By Gary Evans, Medical Writer

On May 30, President Trump signed into law the Right to Try Act, which seeks to give patients a new pathway to experimental drugs. The law, however, has been dogged by implementation questions and remains in regulatory limbo.

Given the circumstances, the prevailing thought is that the ongoing “expanded access” pathway to experimental drugs currently in place at the FDA will continue to be the preferred method.

“My prediction is that all reputable players — be they doctors, institutions, or companies — are going to decide to stick with expanded access,” says Alison Bateman-House, PhD, MPH, MA, a professor in the division of medical ethics at New York University Langone Medical Center.

David Borasky, MPH, CIP, vice president of IRB compliance at the WIRB-Copernicus Group in Cary, NC, says his organization is taking a “wait and see” approach to the new law.

“We have always as a company done our best to help anybody that needed expanded access,” he says. “We are very comfortable and used to processing the IRB review requirements for the expanded access pathway. In the short-term, we are going to continue to work with anybody [under] the FDA expanded access program for unapproved drugs and devices.”

The Right to Try law is aimed at increasing access to investigational products for those with life-threatening illness who have no other medical options and are unable to join a clinical trial. To be eligible, the investigational drug cannot be approved for any FDA use, but Phase I of a clinical trial must be completed. Under these conditions, FDA and IRB approval would not be required, although institutions and drug companies could seek IRB guidance.

After the law was passed, FDA Commissioner Scott Gottlieb, MD, said the agency’s expanded access program would continue to operate alongside Right to Try. Gottlieb said drug companies will still prefer the FDA oversight under expanded access. (For more information, see the related story in the July 2018 issue of IRB Advisor.) Under expanded access, prior IRB approval is waived in emergency situations, but the IRB must be notified within five days of approval.

“I think a legitimate company that has a plan to develop a drug and bring it to market — and has to be accountable to a board, shareholders, and everyone else — will continue to use expanded access. So far, that’s what we are seeing,” says Bateman-House.

Informed Consent Requirements Unclear

Advocates of the law said one of the primary goals was to bypass FDA regulations and oversight. As a practical matter, the law lacks implementation guidance, particularly on the issue of informed consent.

The law requires that a patient give the treating physician written informed consent and specifies that the FDA’s informed consent regulations do not apply, explains Patricia J. Zettler, JD, associate professor at Georgia State University College of Law in Atlanta.

“The law basically says that the patient must give informed consent,” she says. “That informed consent does not have to conform to the FDA regulations, but then the law gives no additional guidance about what informed consent means. It is not necessarily clear what information physicians should be providing to Right to Try patients. It is unknown at this time.”

Thus, bypassing the FDA on this issue is problematic, as the agency would appear to be the most logical entity to clarify informed consent requirements, Bateman-House says.

“Somebody has to turn a vague law into rules or else it’s not going to work and no one will be able to use it,” she says. “There doesn’t seem to be any other reasonable actor — it has to be the FDA. If [politicians] want to hamstring the FDA and say ‘you’re not going to do it,’ then the law is effectively dead.”

Still, she reminds that the FDA is not completely out of the loop, as Right to Try requires the agency to submit an annual report on patients granted drug access under the new law.

“The FDA is removed from reviewing each individual request, but it is not removed from having some role to play overall,” Bateman-House says.

Climate of Uncertainty

In the current climate of uncertainty, some institutions are adopting policies saying they will continue with expanded access and not consider Right to Try requests, Bateman-House says.

“I’m hearing lots of backchannel conversations of institutions putting in policies saying that they will only allow these things via expanded access,” she says. “If your institution has no such policies, then theoretically a doctor could treat a patient with an investigational product without it ever going past the IRB.”

Given liability concerns, institutions may adopt a policy clarifying that the IRB must approve any experimental drug use, regardless of pathway.

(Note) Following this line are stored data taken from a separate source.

(* Let $|\cdot|$ be a measurable norm on a separable, infinite-dimensional, real Hilbert space $H$, and let $M_0\subset H$ be a closed subspace with $\dim M_0=\infty$. Then there is a measurably adapted sequence $(F_n)_{n\geq1}$ of closed subspaces of $H$ with $F_1\supset F_0:=M_0^\perp$ and $\dim(F_1\cap M_0)<\infty$. Moreover, the linear span of the subspaces $F_n\cap F_{n-1}^\perp$, $n\geq 1$, is dense in $M_0$.
   Context: A norm $|\cdot|$ on a real separable Hilbert space $H$ is a measurable norm if for every $\epsilon>0$ there is a finite-dimensional subspace $F_0\subset H$ such that $\mathrm{Gauss}[v\in F_1: |v|>\epsilon]<\epsilon$ for every finite-dimensional subspace $F_1\subset H$ orthogonal to $F_0$, where $\mathrm{Gauss}$ is standard Gaussian measure on $F_1$. A sequence $(F_n)_{n\geq1}$ of closed subspaces of $H$ is measurably adapted if: (i) $F_1\subset F_2\subset\cdots$; (ii) $1\leq\dim(F_{n+1}\cap F_n^\perp)<\infty$ for all $n\ge1$; (iii) $\bigcup_n F_n$ is dense in $H$; (iv) for every $n\ge1$, $\mathrm{Gauss}[v\in F_{n+1}\cap F_n^\perp: |v|>2^{-n}]<2^{-n}$, with $\mathrm{Gauss}$ the standard Gaussian measure on $F_{n+1}\cap F_n^\perp$. *)

From HB Require Import structures.
From mathcomp Require Import all_boot all_order all_algebra.
From mathcomp Require Import all_classical all_reals all_analysis.
Set Implicit Arguments. Unset Strict Implicit. Unset Printing Implicit Defensive.
Import Order.TTheory GRing.Theory Num.Theory.
Import numFieldNormedType.Exports.
Local Open Scope classical_set_scope.
Local Open Scope ring_scope.

Section HilbertDefs.
Context {R : realType} {H : normedModType R}.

“That is speculation. I am not aware of anyone doing that, but I could see an institution saying that just for liability purposes,” Bateman-House says.

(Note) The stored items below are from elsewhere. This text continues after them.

(* Let $P$ be an instance of $k$-means clustering with $z$ outliers, let $S$ be a finite multiset of points of $P$, let $k'\ge0$ be such that $|S\setminus P_{opt}|\le k'$, and let $H$ be a set of $k+k'$ centers in $\mathbb{R}^D$ with $Cost(S,H)\le c\cdot W$ for some $c\ge1$, where $W$ is the minimum of $Cost(S,H')$ over all sets $H'$ of $k+k'$ points in $\mathbb{R}^D$. Let $S_{opt}=S\cap P_{opt}$. Then $Cost(\tilde S_{opt},H)\le(2+2c)\,Cost(S_{opt},O^* )$.
   Context: $P\subset\mathbb{R}^D$, $|P|=n$, $0<z<n$. $dist(p,H)=\min_{q\in H}\|p-q\|$; $Cost(X,Y)=\sum_{q\in X}dist(q,Y)^2$ (with multiplicity). $P_{opt}\subset P$ with $|P_{opt}|=n-z$ is the set of inliers of an optimal solution of $k$-means with $z$ outliers, $C^*_1,\dots,C^*_k$ the optimal clusters forming $P_{opt}$, $o^*_j$ the mean of $C^*_j$, $O^*=\{o^*_1,\dots,o^*_k\}$. Star shaped transformation: for $p\in C^*_j$, $\tilde p=o^*_j$; for $U\subseteq P_{opt}$ (multiset), $\tilde U$ is the multiset $\{\tilde p:p\in U\}$. *)

From HB Require Import structures.
From mathcomp Require Import all_boot all_order all_algebra.
From mathcomp Require Import reals.
Set Implicit Arguments. Unset Strict Implicit. Unset Printing Implicit Defensive.
Import Order.TTheory GRing.Theory Num.Theory.
Local Open Scope ring_scope.

Section Defs.
Variables (R : realType) (D : nat).
Notation V := 'rV[R]_D.

Definition sqdist (p q : V) : R := \sum_(i < D) (p ord0 i - q ord0 i) ^+ 2.

(* dist(p,H)^2 = min_{q in H} ||p - q||^2, for a finite (nonempty) set H
   given as a sequence; (0 by convention if H is empty, never used below) *)
Definition dist2 (p : V) (H : seq V) : R :=
  \big[Num.min/(if H is h :: _ then sqdist p h else 0)]_(q <- H) sqdist p q.

Definition Cost (X Y : seq V) : R := \sum_(q <- X) dist2 q Y.

Definition cluster (k : nat) (Q : seq V) (f : V -> 'I_k) (j : 'I_k) : seq V :=
  [seq p <- Q | f p == j].

Definition mean (X : seq V) : V := (size X)%:R^-1 *: \sum_(p <- X) p.

Definition centers (k : nat) (c : 'I_k -> V) : seq V := [seq c j | j <- enum 'I_k].

Definition opt_kmeans_outliers (k z : nat) (P Popt : seq V) (c : 'I_k -> V) :=
  [/\ uniq Popt, {subset Popt <= P}, size Popt = (size P - z)%N &
      forall (Q : seq V) (c' : 'I_k -> V),
        uniq Q -> {subset Q <= P} -> size Q = (size P - z)%N ->
        Cost Popt (centers c) <= Cost Q (centers c')].

(* f assigns each inlier to a nearest optimal center (clusters C*_j) *)
Definition voronoi (k : nat) (Popt : seq V) (c : 'I_k -> V) (f : V -> 'I_k) :=
  forall p, p \in Popt -> sqdist p (c (f p)) = dist2 p (centers c).

Definition Ostar (k : nat) (Popt : seq V) (f : V -> 'I_k) : seq V :=
  [seq mean (cluster Popt f j) | j <- enum 'I_k & cluster Popt f j != [::]].

Definition star (k : nat) (Popt : seq V) (f : V -> 'I_k) (p : V) : V :=
  mean (cluster Popt f (f p)).

End Defs.

From HB Require Import structures.
From mathcomp Require Import all_boot all_order all_algebra.
From mathcomp Require Import reals.
From mathcomp Require Import ring lra.
Import Order.TTheory GRing.Theory Num.Theory.
Local Open Scope ring_scope.

(* The optimal centers are the means of their clusters: otherwise replacing a
   center by the mean of its cluster would lower the optimal cost.  Hence each
   star point [star p] is a nearest point of [Ostar] to [p], and [Ostar] has at
   most [k] points.  The relaxed triangle inequality
   [dist(star p, H)^2 <= 2 |star p - p|^2 + 2 dist(p, H)^2] gives
   [Cost (star Sopt) H <= 2 Cost Sopt Ostar + 2 Cost Sopt H].  Finally [Ostar]
   together with the at most [k'] outliers of [S] extends to [k + k'] centers
   [H'] with [Cost S H' <= Cost Sopt Ostar], so that
   [Cost Sopt H <= Cost S H <= c Cost S H' <= c Cost Sopt Ostar]. *)

Lemma uniq_extend {T : eqType} (A H : seq T) :
  uniq H -> (size (undup A) <= size H)%N ->
  exists H', [/\ uniq H', size H' = size H & {subset A <= H'}].
Proof.
move=> uH szA; set U := undup A; set F := [seq h <- H | h \notin U].
exists (U ++ take (size H - size U) F); split.
- rewrite cat_uniq undup_uniq take_uniq ?filter_uniq //= andbT.
  by apply/hasPn => x /mem_take; rewrite mem_filter => /andP[].
- have szF : (size H - size U <= size F)%N.
    have HU : (count (mem U) H <= size U)%N.
      rewrite -size_filter uniq_leq_size ?filter_uniq // => x.
      by rewrite mem_filter => /andP[].
    rewrite size_filter -(count_predC (mem U) H) in HU *.
    by rewrite leq_subLR leq_add2r.
  by rewrite size_cat size_takel // subnKC.
- by move=> x xA; rewrite mem_cat mem_undup xA.
Qed.

Section SquaredDistance.
Context {R : realType} {D : nat}.
Implicit Types (p q a : 'rV[R]_D) (H X Y : seq 'rV[R]_D).

Lemma sqdist_ge0 p q : 0 <= sqdist p q.
Proof. by apply: sumr_ge0 => i _; apply: sqr_ge0. Qed.

Lemma sqdistC p q : sqdist p q = sqdist q p.
Proof. by apply: eq_bigr => i _; rewrite -sqrrN opprB. Qed.

Lemma sqdistxx p : sqdist p p = 0.
Proof. by apply: big1 => i _; rewrite subrr expr0n. Qed.

Lemma sqdist_eq0 p q : (sqdist p q == 0) = (p == q).
Proof.
apply/idP/eqP => [|->]; last by rewrite sqdistxx.
rewrite psumr_eq0 => [/allP pq|i _]; last exact: sqr_ge0.
apply/rowP => i; move: (pq i (mem_index_enum _)).
by rewrite sqrf_eq0 subr_eq0 => /eqP.
Qed.

Lemma sqdist_le_sqdistD p q a : sqdist p q <= 2 * sqdist p a + 2 * sqdist a q.
Proof.
rewrite /sqdist !mulr_sumr -big_split /=; apply: ler_sum => i _.
have := sqr_ge0 ((p ord0 i - a ord0 i) - (a ord0 i - q ord0 i)); nra.
Qed.

Lemma dist2_le p {H q} : q \in H -> dist2 p H <= sqdist p q.
Proof. by move=> qH; apply: ge_bigmin_seq. Qed.

Lemma dist2_attained p H :
  H != [::] -> exists2 q, q \in H & dist2 p H = sqdist p q.
Proof.
case: H => [//|h H] _; rewrite /dist2 big_seq.
elim/big_ind: _ => [|_ _ [x xH ->] [y yH ->]|q qH]; last by exists q.
- by exists h; rewrite ?mem_head.
- by rewrite /Num.min; case: ifP => _; [exists x | exists y].
Qed.

Lemma dist2_ge0 p H : 0 <= dist2 p H.
Proof.
have [->|/(dist2_attained p)[q _ ->]] := eqVneq H [::]; last exact: sqdist_ge0.
by rewrite /dist2 big_nil.
Qed.

Lemma dist2_mem p H : p \in H -> dist2 p H = 0.
Proof.
by move=> pH; apply/le_anti; rewrite dist2_ge0 -(sqdistxx p) dist2_le.
Qed.

Lemma dist2_subset p Y Y' :
  Y != [::] -> {subset Y <= Y'} -> dist2 p Y' <= dist2 p Y.
Proof. by move=> /(dist2_attained p)[q qY ->] YY'; apply/dist2_le/YY'. Qed.

Lemma dist2_le_sqdistD a p H : dist2 a H <= 2 * sqdist a p + 2 * dist2 p H.
Proof.
have [->|/(dist2_attained p)[q qH ->]] := eqVneq H [::].
  by rewrite /dist2 !big_nil mulr0 addr0 mulr_ge0 ?sqdist_ge0.
exact: le_trans (dist2_le a qH) (sqdist_le_sqdistD a q p).
Qed.

Lemma Cost_ge0 X Y : 0 <= Cost X Y.
Proof. by apply: sumr_ge0 => p _; apply: dist2_ge0. Qed.

Lemma Cost_filterC (r : pred 'rV[R]_D) X Y :
  Cost X Y = Cost [seq p <- X | r p] Y + Cost [seq p <- X | ~~ r p] Y.
Proof. by rewrite /Cost !big_filter [LHS](bigID r). Qed.

Lemma Cost_filter_le (r : pred 'rV[R]_D) X Y :
  Cost [seq p <- X | r p] Y <= Cost X Y.
Proof. by rewrite [leRHS](Cost_filterC r) lerDl Cost_ge0. Qed.

Lemma Cost_eq0 X Y : {subset X <= Y} -> Cost X Y = 0.
Proof. by move=> XY; rewrite /Cost big_seq big1 // => p /XY/dist2_mem. Qed.

Lemma Cost_subset X Y Y' :
  Y != [::] -> {subset Y <= Y'} -> Cost X Y' <= Cost X Y.
Proof. by move=> Y0 YY'; apply: ler_sum => p _; apply: dist2_subset. Qed.

End SquaredDistance.

Section Means.
Context {R : realType} {D : nat}.
Implicit Types (y : 'rV[R]_D) (X : seq 'rV[R]_D).

Lemma sum_sqdist_mean X y : X != [::] ->
  \sum_(x <- X) sqdist x y =
  \sum_(x <- X) sqdist x (mean X) + (size X)%:R * sqdist (mean X) y.
Proof.
move=> X0; rewrite /sqdist exchange_big [X in X + _]exchange_big /=.
rewrite mulr_sumr -big_split /=; apply: eq_bigr => i _.
have n0 : (size X)%:R != 0 :> R by rewrite pnatr_eq0 size_eq0.
have mE : mean X ord0 i = (size X)%:R^-1 * \sum_(x <- X) x ord0 i.
  by rewrite /mean mxE summxE.
move: (mean X ord0 i) (y ord0 i) mE => m yi mE.
have centered : \sum_(x <- X) (x ord0 i - m) = 0.
  by rewrite sumrB big_const_seq count_predT iter_addr_0 mE; field.
have sq_split (x : R) :
    (x - yi) ^+ 2 = (x - m) ^+ 2 + 2 * (m - yi) * (x - m) + (m - yi) ^+ 2.
  by ring.
under eq_bigr do rewrite sq_split.
by rewrite !big_split /= -mulr_sumr centered mulr0 addr0 big_const_seq
  count_predT iter_addr_0 mulr_natl.
Qed.

Lemma sum_sqdist_mean_lt X y : X != [::] -> y != mean X ->
  \sum_(x <- X) sqdist x (mean X) < \sum_(x <- X) sqdist x y.
Proof.
move=> X0 ym; rewrite [ltRHS]sum_sqdist_mean // ltrDl.
rewrite mulr_gt0 ?ltr0n ?lt0n ?size_eq0 //.
by rewrite lt_def sqdist_eq0 eq_sym ym sqdist_ge0.
Qed.

End Means.

Section Clusters.
Context {R : realType} {D k : nat}.
Implicit Types (Q : seq 'rV[R]_D) (c : 'I_k -> 'rV[R]_D) (f : 'rV[R]_D -> 'I_k).

Lemma Cost_le_assignment Q c f :
  Cost Q (centers c) <= \sum_(q <- Q) sqdist q (c (f q)).
Proof. by apply: ler_sum => q _; apply/dist2_le/map_f; rewrite mem_enum. Qed.

Lemma sum_cluster Q f j (F : 'rV[R]_D -> 'I_k -> R) :
  \sum_(q <- Q) F q (f q) =
  \sum_(q <- cluster Q f j) F q j + \sum_(q <- Q | f q != j) F q (f q).
Proof.
rewrite (bigID (fun q => f q == j)) big_filter /=; congr (_ + _).
by apply: eq_bigr => q /eqP ->.
Qed.

Lemma mem_cluster Q f j p : (p \in cluster Q f j) = (f p == j) && (p \in Q).
Proof. exact: mem_filter. Qed.

Lemma star_mem_Ostar {Q} f {p} : p \in Q -> star Q f p \in Ostar Q f.
Proof.
move=> pQ; apply: (map_f (fun j => mean (cluster Q f j))).
rewrite mem_filter mem_enum andbT; apply/eqP => cl0.
have : p \in cluster Q f (f p) by rewrite mem_cluster eqxx.
by rewrite cl0.
Qed.

Lemma Ostar_neq0 Q f : Q != [::] -> Ostar Q f != [::].
Proof.
case: Q => [//|p Q] _; apply/eqP => O0.
by have := star_mem_Ostar f (mem_head p Q); rewrite O0.
Qed.

Lemma size_Ostar Q f : (size (Ostar Q f) <= k)%N.
Proof.
by rewrite size_map size_filter (leq_trans (count_size _ _)) ?size_enum_ord.
Qed.

End Clusters.

Section OptimalSolution.
Context {R : realType} {D k z : nat} {P Popt : seq 'rV[R]_D}.
Context {c0 : 'I_k -> 'rV[R]_D} {f : 'rV[R]_D -> 'I_k}.
Hypotheses (opt : opt_kmeans_outliers z P Popt c0) (vor : voronoi Popt c0 f).

Lemma voronoi_Cost :
  Cost Popt (centers c0) = \sum_(q <- Popt) sqdist q (c0 (f q)).
Proof. by rewrite /Cost big_seq [RHS]big_seq; apply: eq_bigr => q /vor. Qed.

Lemma opt_center_mean p : p \in Popt -> c0 (f p) = star Popt f p.
Proof.
move=> pP; set j := f p; set X := cluster Popt f j.
apply/eqP; apply: contraT => not_mean.
have [uP sP szP le_opt] := opt.
pose c' i := if i == j then mean X else c0 i.
have pX : p \in X by rewrite mem_cluster eqxx.
have X0 : X != [::] by apply: contraTneq pX => ->.
suff : Cost Popt (centers c') < Cost Popt (centers c0) by rewrite ltNge le_opt.
have off_j : \sum_(q <- Popt | f q != j) sqdist q (c' (f q)) =
             \sum_(q <- Popt | f q != j) sqdist q (c0 (f q)).
  by apply: eq_bigr => q /negbTE fqj; rewrite /c' fqj.
apply: le_lt_trans (Cost_le_assignment _ _ f) _.
rewrite voronoi_Cost (sum_cluster _ _ j (fun q i => sqdist q (c0 i))).
rewrite (sum_cluster _ _ j (fun q i => sqdist q (c' i))) off_j ltrD2r /c' eqxx.
exact: sum_sqdist_mean_lt.
Qed.

Lemma Ostar_sub_centers : {subset Ostar Popt f <= centers c0}.
Proof.
move=> q /mapP[j]; rewrite mem_filter mem_enum andbT => cl0 ->.
have [p] : exists p, p \in cluster Popt f j.
  by case: (cluster Popt f j) cl0 => [|p s] //; exists p; rewrite mem_head.
rewrite mem_cluster => /andP[/eqP <- pP].
rewrite -[mean _]/(star Popt f p) -opt_center_mean //.
by apply/map_f; rewrite mem_enum.
Qed.

Lemma dist2_Ostar p :
  p \in Popt -> dist2 p (Ostar Popt f) = sqdist p (star Popt f p).
Proof.
move=> pP; apply/le_anti; rewrite dist2_le ?star_mem_Ostar //=.
have Popt0 : Popt != [::] by apply: contraTneq pP => ->.
rewrite -opt_center_mean // vor // dist2_subset ?Ostar_neq0 //.
exact: Ostar_sub_centers.
Qed.

Lemma Cost_star_le X H : {subset X <= Popt} ->
  Cost (map (star Popt f) X) H <= 2 * Cost X (Ostar Popt f) + 2 * Cost X H.
Proof.
move=> XP; rewrite /Cost big_map !mulr_sumr -big_split /=.
rewrite big_seq [leRHS]big_seq.
by apply: ler_sum => p /XP pP; rewrite dist2_Ostar // sqdistC dist2_le_sqdistD.
Qed.

End OptimalSolution.

Theorem lemma6 (R : realType) (D k z k' : nat) (P : seq 'rV[R]_D)
    (Popt : seq 'rV[R]_D) (c0 : 'I_k -> 'rV[R]_D) (f : 'rV[R]_D -> 'I_k)
    (S H : seq 'rV[R]_D) (c : R) :
  (0 < k)%N -> uniq P -> (0 < z)%N -> (z < size P)%N ->
  opt_kmeans_outliers z P Popt c0 ->
  voronoi Popt c0 f ->
  {subset S <= P} ->
  (size [seq p <- S | p \notin Popt] <= k')%N ->
  uniq H -> size H = (k + k')%N ->
  1 <= c ->
  (forall H' : seq 'rV[R]_D, uniq H' -> size H' = (k + k')%N ->
       Cost S H <= c * Cost S H') ->
  let Sopt := [seq p <- S | p \in Popt] in
  Cost (map (star Popt f) Sopt) H <= (2 + 2 * c) * Cost Sopt (Ostar Popt f).
Proof.
move=> _ _ _ zP opt vor _ outliers uH szH c1 H_approx /=.
set Sopt := [seq p <- S | p \in Popt].
set O := Ostar Popt f; set Sout := [seq p <- S | p \notin Popt].
have O0 : O != [::].
  case: opt => _ _ szP _.
  by rewrite Ostar_neq0 // -size_eq0 szP subn_eq0 -ltnNge.
have /(uniq_extend _ _ uH)[H' [uH' szH' OSout_H']] :
    (size (undup (O ++ Sout)) <= size H)%N.
  by rewrite szH (leq_trans (size_undup _)) // size_cat leq_add ?size_Ostar.
have cost_H' : Cost S H' <= Cost Sopt O.
  rewrite (Cost_filterC (mem Popt)) -/Sopt [X in _ + X]Cost_eq0 ?addr0.
    by apply: Cost_subset => // q qO; apply: OSout_H'; rewrite mem_cat qO.
  by move=> q qSout; apply: OSout_H'; rewrite mem_cat qSout orbT.
have cost_H : Cost Sopt H <= c * Cost Sopt O.
  apply: le_trans (Cost_filter_le (mem Popt) S H) _.
  apply: le_trans (H_approx H' uH' _) _; first by rewrite szH' szH.
  by rewrite ler_wpM2l // (le_trans ler01).
have Sopt_Popt : {subset Sopt <= Popt}.
  by move=> p; rewrite mem_filter => /andP[].
by apply: le_trans (Cost_star_le opt vor _ _ Sopt_Popt) _; lra.
Qed.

“They may say as part of the agreement you have to have an IRB review because otherwise who is going to say there is valid informed consent?”

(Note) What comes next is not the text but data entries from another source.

Lemma uvec_mul_coefmx (f : int -> int -> algC) t : - Nz <= t < Nz ->
  uvec t *m (\matrix_(i, j) f (idx i) (idx j) : 'M_(N.*2)) = \row_j f t (idx j).
Proof.
case/idx_surj => i0 <-; apply/rowP => j; rewrite !mxE (bigD1 i0) //= big1.
  by rewrite !mxE /ind eqxx mul1r addr0.
by move=> i hi; rewrite !mxE /ind (inj_eq idx_inj) (negbTE hi) mul0r.
Qed.

End Basis.

Section Action.
Variables (q : algC) (k : int) (N : nat).
Local Notation Nz := N%:Z.
Local Notation uvec := (@uvec N).
Local Notation A0 := (rhoA0 q N).
Local Notation B := (rhoAinf q k N).

Definition ck := q ^ (2 * k) + q ^ (- 2 * k).
Definition dk := (q ^+ 2 - q ^- 2) * (q ^ (2 * k) - q ^ (- 2 * k)).

Lemma uvec_rhoA0_nonpos t : (0 < N)%N -> - Nz <= t <= 0 -> uvec t *m A0 = lam q t *: uvec t.
Proof.
move=> N_gt0 ht; rewrite uvec_mul_coefmx; last by lia.
by apply/rowP => j; rewrite !mxE /a0coef (_ : t <= 0 = true) //; lia.
Qed.

Lemma uvec_rhoA0_pos t : 0 < t < Nz -> uvec t *m A0 = lam q t *: uvec t + uvec (- t).
Proof.
move=> ht; rewrite uvec_mul_coefmx; last by lia.
by apply/rowP => j; rewrite !mxE /a0coef (_ : t <= 0 = false) //; lia.
Qed.

Lemma uvec_rhoAinf_bottom : (0 < N)%N ->
  uvec (- Nz) *m B = ck *: uvec (- Nz + 1) + dk *: uvec (Nz - 1).
Proof.
move=> N_gt0; rewrite uvec_mul_coefmx; last by lia.
by apply/rowP => j; rewrite !mxE /ainfcoef eqxx.
Qed.

Lemma uvec_rhoAinf_neg t : - Nz < t < 0 ->
  uvec t *m B = s_ q k t *: uvec (t + 1) + s_ q k (- t) *: uvec (t - 1).
Proof.
move=> ht; rewrite uvec_mul_coefmx; last by lia.
by apply/rowP => j; rewrite !mxE /ainfcoef ifF ?ifT //; lia.
Qed.

Lemma uvec_rhoAinf0 : (0 < N)%N -> uvec 0 *m B = ck *: uvec (-1) - dk *: uvec 1.
Proof.
move=> N_gt0; rewrite uvec_mul_coefmx; last by lia.
by apply/rowP => j; rewrite !mxE /ainfcoef ifF ?ltxx ?eqxx //; lia.
Qed.

Lemma uvec_rhoAinf_pos t : 0 < t < Nz ->
  uvec t *m B = beta q k t *: uvec (- t - 1) - beta q k t *: uvec (- t + 1)
                + s'_ q k (- t) *: uvec (t - 1) + s'_ q k t *: uvec (t + 1).
Proof.
move=> ht; rewrite uvec_mul_coefmx; last by lia.
by apply/rowP => j; rewrite !mxE /ainfcoef !ifF //; lia.
Qed.

End Action.

Lemma lamN q i : lam q (- i) = lam q i.
Proof. by rewrite /lam addrC; congr (q ^ _ + q ^ _); lia. Qed.

Section Roots.
Variables (q : algC) (k : int) (N : nat).
Hypothesis prim : (N.*2).-primitive_root (q ^+ 2).
Local Notation Nz := N%:Z.

Definition q2 (z : int) : algC := q ^ (2 * z).
Definition qdiff (z : int) : algC := q2 z - q2 (- z).

Lemma prim_half_gt0 : (0 < N)%N.
Proof. by have := prim_order_gt0 prim; lia. Qed.

Lemma q_neq0 : q != 0.
Proof.
apply/eqP => q0; have := prim_expr_order prim; rewrite -exprM q0 expr0n.
rewrite (_ : (2 * N.*2 == 0)%N = false) => [/eqP|]; first by rewrite eq_sym oner_eq0.
by have := prim_half_gt0; lia.
Qed.

Lemma q2_neq0 z : q2 z != 0.
Proof. exact: expfz_neq0 q_neq0. Qed.

Lemma q2D a b : q2 (a + b) = q2 a * q2 b.
Proof. by rewrite /q2 mulrDr expfzDr // q_neq0. Qed.

Lemma q2N a : q2 (- a) = (q2 a)^-1.
Proof. by rewrite /q2 invr_expz mulrN. Qed.

Lemma q2_eq1 z : (q2 z == 1) = (N.*2%:Z %| z)%Z.
Proof.
rewrite /q2 -exprz_exp dvdzE; case: z => n /=.
  by rewrite -(prim_order_dvd prim).
by rewrite invr_eq1 -(prim_order_dvd prim).
Qed.

Lemma q2_eq a b : (q2 a == q2 b) = (N.*2%:Z %| a - b)%Z.
Proof.
have -> : q2 a = q2 (a - b) * q2 b by rewrite -q2D subrK.
rewrite -q2_eq1 -{2}[q2 b]mul1r.
by rewrite (inj_eq (mulIf (q2_neq0 b))).
Qed.

Lemma qdiff_eq0 z : (qdiff z == 0) = (Nz %| z)%Z.
Proof.
rewrite subr_eq0 q2_eq opprK (_ : z + z = 2 * z); last by lia.
by rewrite (_ : N.*2%:Z = 2 * Nz) ?dvdz_mul2l // -muln2 PoszM mulrC.
Qed.

Lemma q2_half : q2 Nz = -1.
Proof.
have sq1 : q2 Nz ^+ 2 = 1.
  by apply/eqP; rewrite expr2 -q2D q2_eq1; apply/dvdzP; exists 1; lia.
have ne1 : q2 Nz != 1 by rewrite q2_eq1 (@between_ndvdz _ _ 0) //; have := prim_half_gt0; lia.
have /eqP : (q2 Nz - 1) * (q2 Nz + 1) = 0 by rewrite -subr_sqr sq1 expr1n subrr.
by rewrite mulf_eq0 subr_eq0 (negbTE ne1) addr_eq0 => /eqP.
Qed.

Lemma lam_q2 i : lam q i = q2 i + q2 (- i).
Proof. by rewrite /lam /q2; congr (q ^ _ + q ^ _); lia. Qed.

Lemma s_qdiff i : s_ q k i = qdiff (i - k) / qdiff i.
Proof. by rewrite /s_ /qdiff /q2; congr ((q ^ _ - q ^ _) / (q ^ _ - q ^ _)); lia. Qed.

Lemma s'_qdiff i : s'_ q k i = qdiff (i + 1) / qdiff i * s_ q k i.
Proof. by rewrite /s'_ /qdiff /q2; congr ((q ^ _ - q ^ _) / (q ^ _ - q ^ _) * _); lia. Qed.

Lemma beta_qdiff i : beta q k i = qdiff k / qdiff i ^+ 3.
Proof. by rewrite /beta /qdiff /q2; congr ((q ^ _ - q ^ _) / (q ^ _ - q ^ _) ^+ 3); lia. Qed.

Lemma dk_qdiff : dk q k = qdiff 1 * qdiff k.
Proof.
rewrite /dk /qdiff /q2 mulr1 mulrN1 -invr_expz.
by congr ((_ - _) * (q ^ _ - q ^ _)); lia.
Qed.

Lemma wpar_q2 : wpar q k = - q2 (2 * k + 1) - q2 (- (2 * k + 1)).
Proof. by rewrite /wpar /q2; congr (- q ^ _ - q ^ _); lia. Qed.

Lemma s_eq0 i : (Nz %| i - k)%Z -> s_ q k i = 0.
Proof. by rewrite -qdiff_eq0 s_qdiff => /eqP ->; rewrite mul0r. Qed.

Lemma s_neq0 i : ~~ (Nz %| i)%Z -> ~~ (Nz %| i - k)%Z -> s_ q k i != 0.
Proof. by rewrite -!qdiff_eq0 s_qdiff => h1 h2; rewrite mulf_neq0 ?invr_neq0. Qed.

A particular concern to Bateman-House is how the Right to Try Act affects similar laws already on the books in 40 states.

“Lawyers tell me that when a federal law and the state law deal with the same topic, the federal law is paramount,” she says. “That is what I am worried about because my understanding is that the things that are not mentioned in the federal law are still valid, on-the-book laws in those states. I think that adds to the confusion.”

Some of the state requirements that did not make it into the federal bill are “patient-hostile provisions,” she said. These provisions include potentially denying patients home healthcare, hospice, or other insurance if they try an investigational drug.

“There are reasons they didn’t make it into the federal law because they are highly punitive, and it would not have passed,” she says. “But they are still law in some of those states.”